[Opening Dataset excerpts section]

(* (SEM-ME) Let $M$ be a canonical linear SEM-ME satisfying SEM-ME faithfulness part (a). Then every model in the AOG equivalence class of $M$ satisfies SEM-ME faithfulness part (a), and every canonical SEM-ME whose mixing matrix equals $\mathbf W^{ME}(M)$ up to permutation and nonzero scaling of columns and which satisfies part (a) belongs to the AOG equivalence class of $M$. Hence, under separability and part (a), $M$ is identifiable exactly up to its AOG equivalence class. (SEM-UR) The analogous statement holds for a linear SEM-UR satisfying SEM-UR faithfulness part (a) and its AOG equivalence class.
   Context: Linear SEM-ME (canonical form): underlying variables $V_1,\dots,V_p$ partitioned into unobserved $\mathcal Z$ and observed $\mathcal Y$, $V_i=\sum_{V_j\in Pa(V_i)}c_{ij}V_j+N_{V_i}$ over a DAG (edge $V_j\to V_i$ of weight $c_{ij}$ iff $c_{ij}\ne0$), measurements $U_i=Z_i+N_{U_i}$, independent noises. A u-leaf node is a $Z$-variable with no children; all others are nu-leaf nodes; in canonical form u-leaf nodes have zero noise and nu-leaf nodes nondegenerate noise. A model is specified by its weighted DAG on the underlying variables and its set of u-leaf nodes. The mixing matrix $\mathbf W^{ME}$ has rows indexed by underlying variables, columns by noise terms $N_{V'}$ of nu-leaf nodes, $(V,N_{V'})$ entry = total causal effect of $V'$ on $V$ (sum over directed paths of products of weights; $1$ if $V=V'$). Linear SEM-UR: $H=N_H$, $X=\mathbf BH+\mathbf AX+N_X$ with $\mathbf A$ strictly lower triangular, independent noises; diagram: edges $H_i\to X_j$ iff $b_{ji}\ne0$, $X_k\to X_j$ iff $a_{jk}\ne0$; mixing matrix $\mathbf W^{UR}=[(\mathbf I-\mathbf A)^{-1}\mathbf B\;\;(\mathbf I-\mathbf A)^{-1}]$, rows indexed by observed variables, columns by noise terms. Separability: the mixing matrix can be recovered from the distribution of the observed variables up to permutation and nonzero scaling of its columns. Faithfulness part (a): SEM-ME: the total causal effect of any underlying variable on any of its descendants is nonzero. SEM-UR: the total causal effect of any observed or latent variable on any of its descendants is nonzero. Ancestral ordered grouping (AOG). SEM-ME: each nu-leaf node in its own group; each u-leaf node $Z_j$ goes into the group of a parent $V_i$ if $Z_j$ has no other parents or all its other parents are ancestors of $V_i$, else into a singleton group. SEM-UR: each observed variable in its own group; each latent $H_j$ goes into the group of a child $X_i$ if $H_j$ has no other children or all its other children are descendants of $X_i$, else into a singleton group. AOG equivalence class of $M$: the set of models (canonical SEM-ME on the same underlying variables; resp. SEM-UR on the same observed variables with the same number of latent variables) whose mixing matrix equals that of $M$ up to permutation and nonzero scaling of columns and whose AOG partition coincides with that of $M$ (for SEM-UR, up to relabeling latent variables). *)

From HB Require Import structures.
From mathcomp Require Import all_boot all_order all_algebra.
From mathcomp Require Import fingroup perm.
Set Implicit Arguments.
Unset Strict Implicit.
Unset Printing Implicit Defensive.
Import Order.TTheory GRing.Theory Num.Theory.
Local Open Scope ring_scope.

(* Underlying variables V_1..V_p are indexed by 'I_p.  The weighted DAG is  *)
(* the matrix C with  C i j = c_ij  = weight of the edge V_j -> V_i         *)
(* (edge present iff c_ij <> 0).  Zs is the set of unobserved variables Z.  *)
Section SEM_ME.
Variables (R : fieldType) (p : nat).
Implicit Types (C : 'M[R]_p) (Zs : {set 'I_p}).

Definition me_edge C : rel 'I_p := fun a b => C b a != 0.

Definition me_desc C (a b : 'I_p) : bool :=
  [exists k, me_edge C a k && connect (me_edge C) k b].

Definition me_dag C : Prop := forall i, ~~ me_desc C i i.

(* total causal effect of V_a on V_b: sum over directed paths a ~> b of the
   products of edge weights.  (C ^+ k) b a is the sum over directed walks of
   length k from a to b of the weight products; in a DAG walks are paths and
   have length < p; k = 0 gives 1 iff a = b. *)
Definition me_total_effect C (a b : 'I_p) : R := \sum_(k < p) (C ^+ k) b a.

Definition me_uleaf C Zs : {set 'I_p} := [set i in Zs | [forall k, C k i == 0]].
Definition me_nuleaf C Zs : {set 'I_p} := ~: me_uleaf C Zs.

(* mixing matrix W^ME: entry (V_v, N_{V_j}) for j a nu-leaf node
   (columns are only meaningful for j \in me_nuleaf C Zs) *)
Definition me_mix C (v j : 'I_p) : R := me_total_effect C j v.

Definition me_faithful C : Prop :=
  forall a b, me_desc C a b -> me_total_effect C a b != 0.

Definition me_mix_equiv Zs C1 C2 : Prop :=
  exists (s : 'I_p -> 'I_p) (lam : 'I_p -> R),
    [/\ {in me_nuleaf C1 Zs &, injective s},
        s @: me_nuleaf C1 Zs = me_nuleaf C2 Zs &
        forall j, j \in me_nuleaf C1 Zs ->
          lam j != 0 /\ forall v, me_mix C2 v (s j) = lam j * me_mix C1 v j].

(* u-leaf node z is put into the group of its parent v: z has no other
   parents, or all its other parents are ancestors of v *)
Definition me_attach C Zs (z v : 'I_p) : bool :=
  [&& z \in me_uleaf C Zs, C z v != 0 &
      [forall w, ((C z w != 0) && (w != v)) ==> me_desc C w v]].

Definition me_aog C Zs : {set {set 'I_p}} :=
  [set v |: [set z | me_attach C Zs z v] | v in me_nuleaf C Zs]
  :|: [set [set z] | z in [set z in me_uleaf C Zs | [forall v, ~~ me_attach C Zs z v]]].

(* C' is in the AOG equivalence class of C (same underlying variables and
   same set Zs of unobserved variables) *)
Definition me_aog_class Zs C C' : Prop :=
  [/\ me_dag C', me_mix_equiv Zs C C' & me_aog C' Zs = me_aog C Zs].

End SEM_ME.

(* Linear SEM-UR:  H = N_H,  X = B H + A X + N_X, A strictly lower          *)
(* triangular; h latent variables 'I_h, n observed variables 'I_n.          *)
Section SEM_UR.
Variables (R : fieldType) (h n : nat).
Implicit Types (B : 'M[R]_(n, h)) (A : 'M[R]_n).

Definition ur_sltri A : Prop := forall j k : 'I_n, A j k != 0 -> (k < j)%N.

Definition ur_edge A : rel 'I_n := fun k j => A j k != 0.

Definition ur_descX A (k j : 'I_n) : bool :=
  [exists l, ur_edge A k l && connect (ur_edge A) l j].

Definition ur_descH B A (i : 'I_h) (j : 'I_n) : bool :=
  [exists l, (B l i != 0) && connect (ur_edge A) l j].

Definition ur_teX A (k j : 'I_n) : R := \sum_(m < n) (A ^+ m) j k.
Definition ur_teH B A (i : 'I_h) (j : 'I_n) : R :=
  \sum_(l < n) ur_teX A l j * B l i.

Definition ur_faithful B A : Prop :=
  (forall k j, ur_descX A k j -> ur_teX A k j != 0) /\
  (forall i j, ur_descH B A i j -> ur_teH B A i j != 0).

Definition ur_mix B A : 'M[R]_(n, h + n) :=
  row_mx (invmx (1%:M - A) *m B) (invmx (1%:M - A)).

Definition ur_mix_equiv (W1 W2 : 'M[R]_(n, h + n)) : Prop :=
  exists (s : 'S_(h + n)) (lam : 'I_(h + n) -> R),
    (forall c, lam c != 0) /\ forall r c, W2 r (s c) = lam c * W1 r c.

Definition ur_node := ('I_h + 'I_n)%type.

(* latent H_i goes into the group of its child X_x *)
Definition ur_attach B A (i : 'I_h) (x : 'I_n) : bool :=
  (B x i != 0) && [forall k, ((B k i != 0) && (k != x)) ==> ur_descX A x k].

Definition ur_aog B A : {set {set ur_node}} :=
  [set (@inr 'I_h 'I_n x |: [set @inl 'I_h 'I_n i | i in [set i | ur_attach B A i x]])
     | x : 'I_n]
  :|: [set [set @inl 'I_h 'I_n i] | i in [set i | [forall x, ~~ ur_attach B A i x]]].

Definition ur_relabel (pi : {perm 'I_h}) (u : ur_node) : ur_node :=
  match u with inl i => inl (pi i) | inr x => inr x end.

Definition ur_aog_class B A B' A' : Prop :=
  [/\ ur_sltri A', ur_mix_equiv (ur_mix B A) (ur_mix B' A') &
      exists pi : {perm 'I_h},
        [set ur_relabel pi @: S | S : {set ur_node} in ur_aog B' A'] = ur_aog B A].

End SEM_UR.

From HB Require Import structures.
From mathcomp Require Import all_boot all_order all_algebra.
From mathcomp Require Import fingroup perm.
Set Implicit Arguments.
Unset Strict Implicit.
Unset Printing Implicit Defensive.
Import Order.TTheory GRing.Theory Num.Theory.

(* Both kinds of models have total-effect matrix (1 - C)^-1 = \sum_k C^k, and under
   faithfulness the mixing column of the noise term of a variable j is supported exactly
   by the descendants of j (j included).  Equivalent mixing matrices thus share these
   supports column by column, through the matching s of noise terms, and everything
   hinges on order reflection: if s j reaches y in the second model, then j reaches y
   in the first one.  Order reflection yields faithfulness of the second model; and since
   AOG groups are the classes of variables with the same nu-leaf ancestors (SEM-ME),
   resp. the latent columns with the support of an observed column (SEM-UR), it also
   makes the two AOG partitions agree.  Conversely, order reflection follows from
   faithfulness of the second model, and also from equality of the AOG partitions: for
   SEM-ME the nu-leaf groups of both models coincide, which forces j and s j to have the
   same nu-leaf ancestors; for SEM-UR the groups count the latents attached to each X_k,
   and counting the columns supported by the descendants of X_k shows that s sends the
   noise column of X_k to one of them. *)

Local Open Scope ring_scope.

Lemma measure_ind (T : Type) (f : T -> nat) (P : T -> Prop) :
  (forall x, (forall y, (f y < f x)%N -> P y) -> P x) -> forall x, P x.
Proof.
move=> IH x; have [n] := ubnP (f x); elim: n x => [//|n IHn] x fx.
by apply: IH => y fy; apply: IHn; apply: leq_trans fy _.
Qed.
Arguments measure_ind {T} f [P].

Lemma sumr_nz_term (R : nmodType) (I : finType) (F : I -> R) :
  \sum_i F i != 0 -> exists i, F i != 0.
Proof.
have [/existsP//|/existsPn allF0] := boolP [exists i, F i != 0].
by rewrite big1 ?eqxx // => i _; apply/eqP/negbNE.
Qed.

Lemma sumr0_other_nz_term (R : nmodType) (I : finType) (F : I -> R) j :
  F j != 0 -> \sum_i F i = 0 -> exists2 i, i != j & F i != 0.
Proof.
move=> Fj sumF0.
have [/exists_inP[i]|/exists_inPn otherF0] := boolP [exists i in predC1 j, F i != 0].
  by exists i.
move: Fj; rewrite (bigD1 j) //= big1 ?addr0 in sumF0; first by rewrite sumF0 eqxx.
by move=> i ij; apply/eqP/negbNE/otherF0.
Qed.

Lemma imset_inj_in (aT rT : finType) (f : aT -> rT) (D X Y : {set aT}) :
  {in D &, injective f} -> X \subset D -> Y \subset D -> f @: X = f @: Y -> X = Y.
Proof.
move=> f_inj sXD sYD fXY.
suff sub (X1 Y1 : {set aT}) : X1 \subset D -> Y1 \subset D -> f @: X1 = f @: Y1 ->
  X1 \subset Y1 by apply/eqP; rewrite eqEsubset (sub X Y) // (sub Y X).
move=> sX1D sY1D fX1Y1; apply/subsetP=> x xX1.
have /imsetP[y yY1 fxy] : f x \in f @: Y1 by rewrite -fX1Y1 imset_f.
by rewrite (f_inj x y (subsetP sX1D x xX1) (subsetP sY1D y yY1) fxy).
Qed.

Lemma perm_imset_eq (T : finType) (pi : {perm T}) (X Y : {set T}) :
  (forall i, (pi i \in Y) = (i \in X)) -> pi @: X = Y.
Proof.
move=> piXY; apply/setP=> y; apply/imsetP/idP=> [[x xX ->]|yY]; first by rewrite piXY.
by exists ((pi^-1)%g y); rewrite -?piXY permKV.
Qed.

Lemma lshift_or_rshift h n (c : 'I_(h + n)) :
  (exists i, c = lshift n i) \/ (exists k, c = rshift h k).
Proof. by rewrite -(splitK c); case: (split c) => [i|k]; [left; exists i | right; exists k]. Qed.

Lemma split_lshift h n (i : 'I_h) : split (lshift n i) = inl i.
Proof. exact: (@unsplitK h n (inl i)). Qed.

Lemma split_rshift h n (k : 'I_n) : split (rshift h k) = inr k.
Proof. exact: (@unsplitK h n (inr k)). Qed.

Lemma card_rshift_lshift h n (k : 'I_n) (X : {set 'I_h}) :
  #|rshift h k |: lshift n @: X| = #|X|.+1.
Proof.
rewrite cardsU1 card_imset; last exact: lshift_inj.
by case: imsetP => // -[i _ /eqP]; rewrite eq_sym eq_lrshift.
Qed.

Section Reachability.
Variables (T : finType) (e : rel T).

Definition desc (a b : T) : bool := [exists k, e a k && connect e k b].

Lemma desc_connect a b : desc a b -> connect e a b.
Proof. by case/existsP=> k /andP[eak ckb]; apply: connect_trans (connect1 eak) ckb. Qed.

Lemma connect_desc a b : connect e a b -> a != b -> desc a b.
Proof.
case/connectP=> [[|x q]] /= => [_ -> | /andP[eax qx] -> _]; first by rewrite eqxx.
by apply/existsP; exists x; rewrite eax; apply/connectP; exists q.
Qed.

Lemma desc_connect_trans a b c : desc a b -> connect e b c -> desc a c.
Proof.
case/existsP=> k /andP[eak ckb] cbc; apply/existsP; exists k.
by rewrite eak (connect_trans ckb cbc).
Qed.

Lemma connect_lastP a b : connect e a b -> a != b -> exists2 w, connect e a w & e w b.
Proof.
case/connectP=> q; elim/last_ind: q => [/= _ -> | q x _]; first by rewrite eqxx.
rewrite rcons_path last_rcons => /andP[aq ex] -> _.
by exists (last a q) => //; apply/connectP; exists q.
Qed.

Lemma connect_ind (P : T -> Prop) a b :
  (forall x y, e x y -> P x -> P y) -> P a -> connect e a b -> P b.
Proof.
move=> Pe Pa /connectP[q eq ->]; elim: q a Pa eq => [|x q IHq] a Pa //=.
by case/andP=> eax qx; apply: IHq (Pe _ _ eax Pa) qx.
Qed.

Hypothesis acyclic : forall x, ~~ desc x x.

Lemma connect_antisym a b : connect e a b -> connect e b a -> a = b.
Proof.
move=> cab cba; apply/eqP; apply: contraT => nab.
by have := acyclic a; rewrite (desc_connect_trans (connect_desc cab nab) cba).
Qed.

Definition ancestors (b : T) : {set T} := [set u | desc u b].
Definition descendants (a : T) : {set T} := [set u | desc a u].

[Closing Dataset excerpts section]

Task details:
Lines containing the word "first": copy each of them from the material.

Response:
   in the first one.  Order reflection yields faithfulness of the second model; and since
move: Fj; rewrite (bigD1 j) //= big1 ?addr0 in sumF0; first by rewrite sumF0 eqxx.
move=> piXY; apply/setP=> y; apply/imsetP/idP=> [[x xX ->]|yY]; first by rewrite piXY.
case/connectP=> [[|x q]] /= => [_ -> | /andP[eax qx] -> _]; first by rewrite eqxx.
case/connectP=> q; elim/last_ind: q => [/= _ -> | q x _]; first by rewrite eqxx.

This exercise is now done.